Culinary historiography is no longer so sure whether the Hawaiian toast is actually Wilmenrod’s invention

However, culinary historiography is no longer so sure whether the Hawaiian toast is actually an invention of the self-proclaimed ›national gourmet‹. The cultural historian Petra Foede, who already dealt in detail with the toast Hawaii in her book How Bismarck Came on Herring (Kein & Aber Verlag) in 2009, discovered an advertisement for the canned ham company Hormel a year later on the kitchen-retro.com website (›Spam‹), which appeared in November 1939 in Life magazine. On it is a picture of a hot cheese Spamwich, garnished in the middle with red onions, which is very similar to Wilmenrod’s toast. A recipe booklet for the breakfast meat company published in the same year also offers a variant of toast with a slice of pineapple. Wilmenrod might have known the booklet and recipe, Foede speculates, after all, the television chef had lived in Wiesbaden, an important American military base, since the 1930s, and Hormel’s spam was an essential part of the troop catering. Hawaii, on the other hand, was an important supply base for the Americans during World War II.
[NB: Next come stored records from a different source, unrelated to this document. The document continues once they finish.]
Lemma cobound_adj_scale_label X q f :
  cobound_adj o clab F X q f =1 (fun s => c * cobound_adj o lab F X q f s).
Proof.
move=> s; rewrite /cobound_adj; case: ifP => _; last by rewrite mulr0.
rewrite mulr_sumr; apply: eq_bigr => t _.
by rewrite incidence_restr_scale_label -!mulrA.
Qed.

End LabelScaling.

Section PersistentCochains.
Context {R : realFieldType} {N : nat} {o : simplex N -> bool}
  {lab : 'I_N -> R} {F : simplex N -> R} {Xt Xtp : {set simplex N}} {q : nat}.
Implicit Types (e f : cochain R N).

Lemma persCZ k e :
  persC o lab F Xt Xtp q e -> persC o lab F Xt Xtp q (fun s => k * e s).
Proof.
case=> he hadj; split; first exact: inCZ.
by apply: (eq_inC _ (inCZ (k := k) hadj)) => s; rewrite cobound_adjZ.
Qed.

Lemma persCB e f : persC o lab F Xt Xtp q e -> persC o lab F Xt Xtp q f ->
  persC o lab F Xt Xtp q (e \- f).
Proof.
case=> he hadje [hf hadjf]; split; first exact: inCB.
by apply: (eq_inC _ (inCB hadje hadjf)) => s; rewrite cobound_adjB.
Qed.

End PersistentCochains.

Section PersistentLaplacianScaling.
Context {R : realFieldType} {N : nat} {o : simplex N -> bool}
  {lab : 'I_N -> R} {F : simplex N -> R} {c : R}
  {Xt Xtp : {set simplex N}} {q : nat} {eth eth' : cochain R N -> cochain R N}.
Hypothesis c0 : c != 0.
Let clab v := c * lab v.
Hypothesis eth_adj : is_eth o lab F Xt Xtp q eth.
Hypothesis eth'_adj : is_eth o clab F Xt Xtp q eth'.

Lemma persC_scale_label e :
  persC o clab F Xt Xtp q e <-> persC o lab F Xt Xtp q e.
Proof.
split=> -[he hadj]; split=> //.
  apply: (eq_inC _ (inCZ (k := c^-1) hadj)) => s.
  by rewrite cobound_adj_scale_label mulKf.
by apply: (eq_inC _ (inCZ (k := c) hadj)) => s; rewrite cobound_adj_scale_label.
Qed.

Lemma eth_scale_label x : inC Xt q x -> eth' x =1 (fun s => c * eth x s).
Proof.
move=> hx; have [P adjP] := eth_adj hx; have [P' adjP'] := eth'_adj hx.
set d := eth' x \- (fun s => c * eth x s).
have Pd : persC o lab F Xt Xtp q d.
  by apply: persCB; [apply/persC_scale_label | apply: persCZ].
have : dot d d = 0.
  have Pd' : persC o clab F Xt Xtp q d by apply/persC_scale_label.
  rewrite {1}/d dotBl dotZl adjP' // adjP //.
  by rewrite (eq_dotr _ (cobound_adj_scale_label _ _ _)) dotZr subrr.
by move=> /dot_self_eq0 d0 s; apply/eqP; rewrite -subr_eq0; apply/eqP/d0.
Qed.

Lemma pers_lap_scale_label x : inC Xt q x ->
  pers_lap o clab F Xt Xtp q eth' x =1
  (fun s => c ^+ 2 * pers_lap o lab F Xt Xtp q eth x s).
Proof.
move=> hx s; rewrite /pers_lap mulrDr expr2 -mulrA; congr (_ + _).
  by rewrite cobound_adj_scale_label (eq_cobound_adj (eth_scale_label hx))
    cobound_adjZ.
case: q => [|q']; first by rewrite mulr0.
rewrite cobound_scale_label (eq_cobound (cobound_adj_scale_label _ _ _)).
by rewrite coboundZ mulrA.
Qed.

Lemma pers_lap_mx_scale_label :
  pers_lap_mx o clab F Xt Xtp q eth' = c ^+ 2 *: pers_lap_mx o lab F Xt Xtp q eth.
Proof.
apply/matrixP => i j; rewrite !mxE pers_lap_scale_label //.
exact/basis_vec_inC/enum_valP.
Qed.

End PersistentLaplacianScaling.

Theorem mainTheorem5 (R : realFieldType) (N : nat)
  (Xt Xtp : {set simplex N}) (o : simplex N -> bool)
  (lab : 'I_N -> R) (F : simplex N -> R) (c : R) (q : nat)
  (eth eth' : cochain R N -> cochain R N) :
  is_complex Xt -> is_complex Xtp -> Xt \subset Xtp ->
  (forall v : 'I_N, [set v] \in Xtp -> lab v != 0) ->
  (forall s, s \in Xtp -> F s != 0) ->
  c != 0 ->
  is_eth o lab F Xt Xtp q eth ->
  is_eth o (fun v => c * lab v) F Xt Xtp q eth' ->
  forall lambda : R,
    mup (c ^+ 2 * lambda)
        (char_poly (pers_lap_mx o (fun v => c * lab v) F Xt Xtp q eth'))
    = mup lambda (char_poly (pers_lap_mx o lab F Xt Xtp q eth)).
Proof.
move=> _ _ _ _ _ c0 eth_adj eth'_adj lambda.
rewrite (pers_lap_mx_scale_label c0 eth_adj eth'_adj).
exact: mup_char_polyZ (expf_neq0 2 c0).
Qed.
(* Let $A=\{a,b_1,b_2,b_3,c_1,c_2,c_3,d_1,d_2,d_3\}$ and let $M$ be the monoid presented by $\langle A\mid b_ia=ab_i\ (i=1,2,3),\ c_jb_j=c_1b_1\ (j=2,3),\ b_jd_j=b_1d_1\ (j=2,3)\rangle$. Then $M$ is biautomatic (and hence automatic).
   Context: Automatic/biautomatic: for a finite generating alphabet $A$ of $M$ and regular $L\subseteq A^*$ mapping onto $M$, set $L_a=\{(u,v)\in L^2: ua=_Mv\}$, ${}_aL=\{(u,v)\in L^2: au=_Mv\}$ ($a\in A\cup\{\varepsilon\}$); $\delta_R$ ($\delta_L$) converts a pair of words into a word over pairs of letters by padding the shorter word at the end (beginning) with a new symbol $\$$. $M$ is automatic if for some such $(A,L)$ all $L_a\delta_R$ are regular; biautomatic if for some such $(A,L)$ all $L_a\delta_R,{}_aL\delta_R,L_a\delta_L,{}_aL\delta_L$ are regular. *)

From mathcomp Require Import all_boot.
From Stdlib Require Import Relations.
Set Implicit Arguments. Unset Strict Implicit. Unset Printing Implicit Defensive.

Definition regular (T : finType) (L : seq T -> Prop) : Prop :=
  exists (Q : finType) (q0 : Q) (d : Q -> T -> Q) (F : pred Q),
    forall w, L w <-> F (foldl d q0 w).

Inductive rstep (A : Type) (R : seq A -> seq A -> Prop) : seq A -> seq A -> Prop :=
| rstep_intro u v l r : R l r -> rstep R (u ++ l ++ v) (u ++ r ++ v).

Definition eqM (A : Type) (R : seq A -> seq A -> Prop) : seq A -> seq A -> Prop :=
  clos_refl_sym_trans (seq A) (rstep R).

(** Padding: None plays the role of the new symbol $. *)
Definition deltaR (B : Type) (u v : seq B) : seq (option B * option B) :=
  let n := maxn (size u) (size v) in
  zip (map Some u ++ nseq (n - size u) None) (map Some v ++ nseq (n - size v) None).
So was Wilmenrod inspired by an advertising brochure for canned ham? What is certain is that the Toast Hawaii should have pleased the TV chef, in particular because of its cheese cover, which was worth hard cash. Wilmenrod was a master at gratinating, almost everything was gratinated with cheese. This was due to an advertising agreement with the manufacturers of the Heinzelkoch, a small electric oven with state-of-the-art grill radiators, which played an important role in almost every program. “When I’m in front of the camera, God doesn’t help me, only my device!” – an early case of product placement. Wilmenrod also secretly advertised refrigerators, rum pots and kitchen gimmicks such as Schneidboy and Griffin witch (today: Jamie-Oliver-Zange). When Der Spiegel revealed in a cover story that Wilmenrod had received 1,000 D-Marks in advance from an Oldenburg poultry farmer for his media presentation of a roast turkey for Christmas, the TV chef fell out of favor: from 1957, it was only broadcast once a month, and later Wilmenrod was banned Afternoon program, and on May 16, 1964, the show was canceled altogether. The former television star lived only three years. With the broadcast he was deprived of his purpose in life, and he was diagnosed with stomach cancer. Falling into deep depression, Clemens Wilmenrod committed suicide in 1967, at the age of sixty.
In 2009, the ARD remembered the first German TV chef with the first broadcast of the wonderful television film Wilmenrod – It’s on the tip of my tongue. A worthy cinematic memorial for the man who may not have invented the toast Hawaii, but instead brought culinary art onto television.

Toast Hawaii

for 4 people

  • 8 slices of toast
  • soft butter
  • 8 slices of cooked ham
  • 8 slices of canned pineapple
  • 8 slices of sliced ​​cheese
  • 8 cherries or cocktail cherries
  • 1. Spread a thin layer of butter on toast, top with ham and drained pineapple slices. Cover with sliced ​​cheese.
  • 2. Bake the toast in a hot oven at 220 degrees with the grill switched on for 3–5 minutes. Garnish with 1 cherry in each center and serve the feast in a hurry.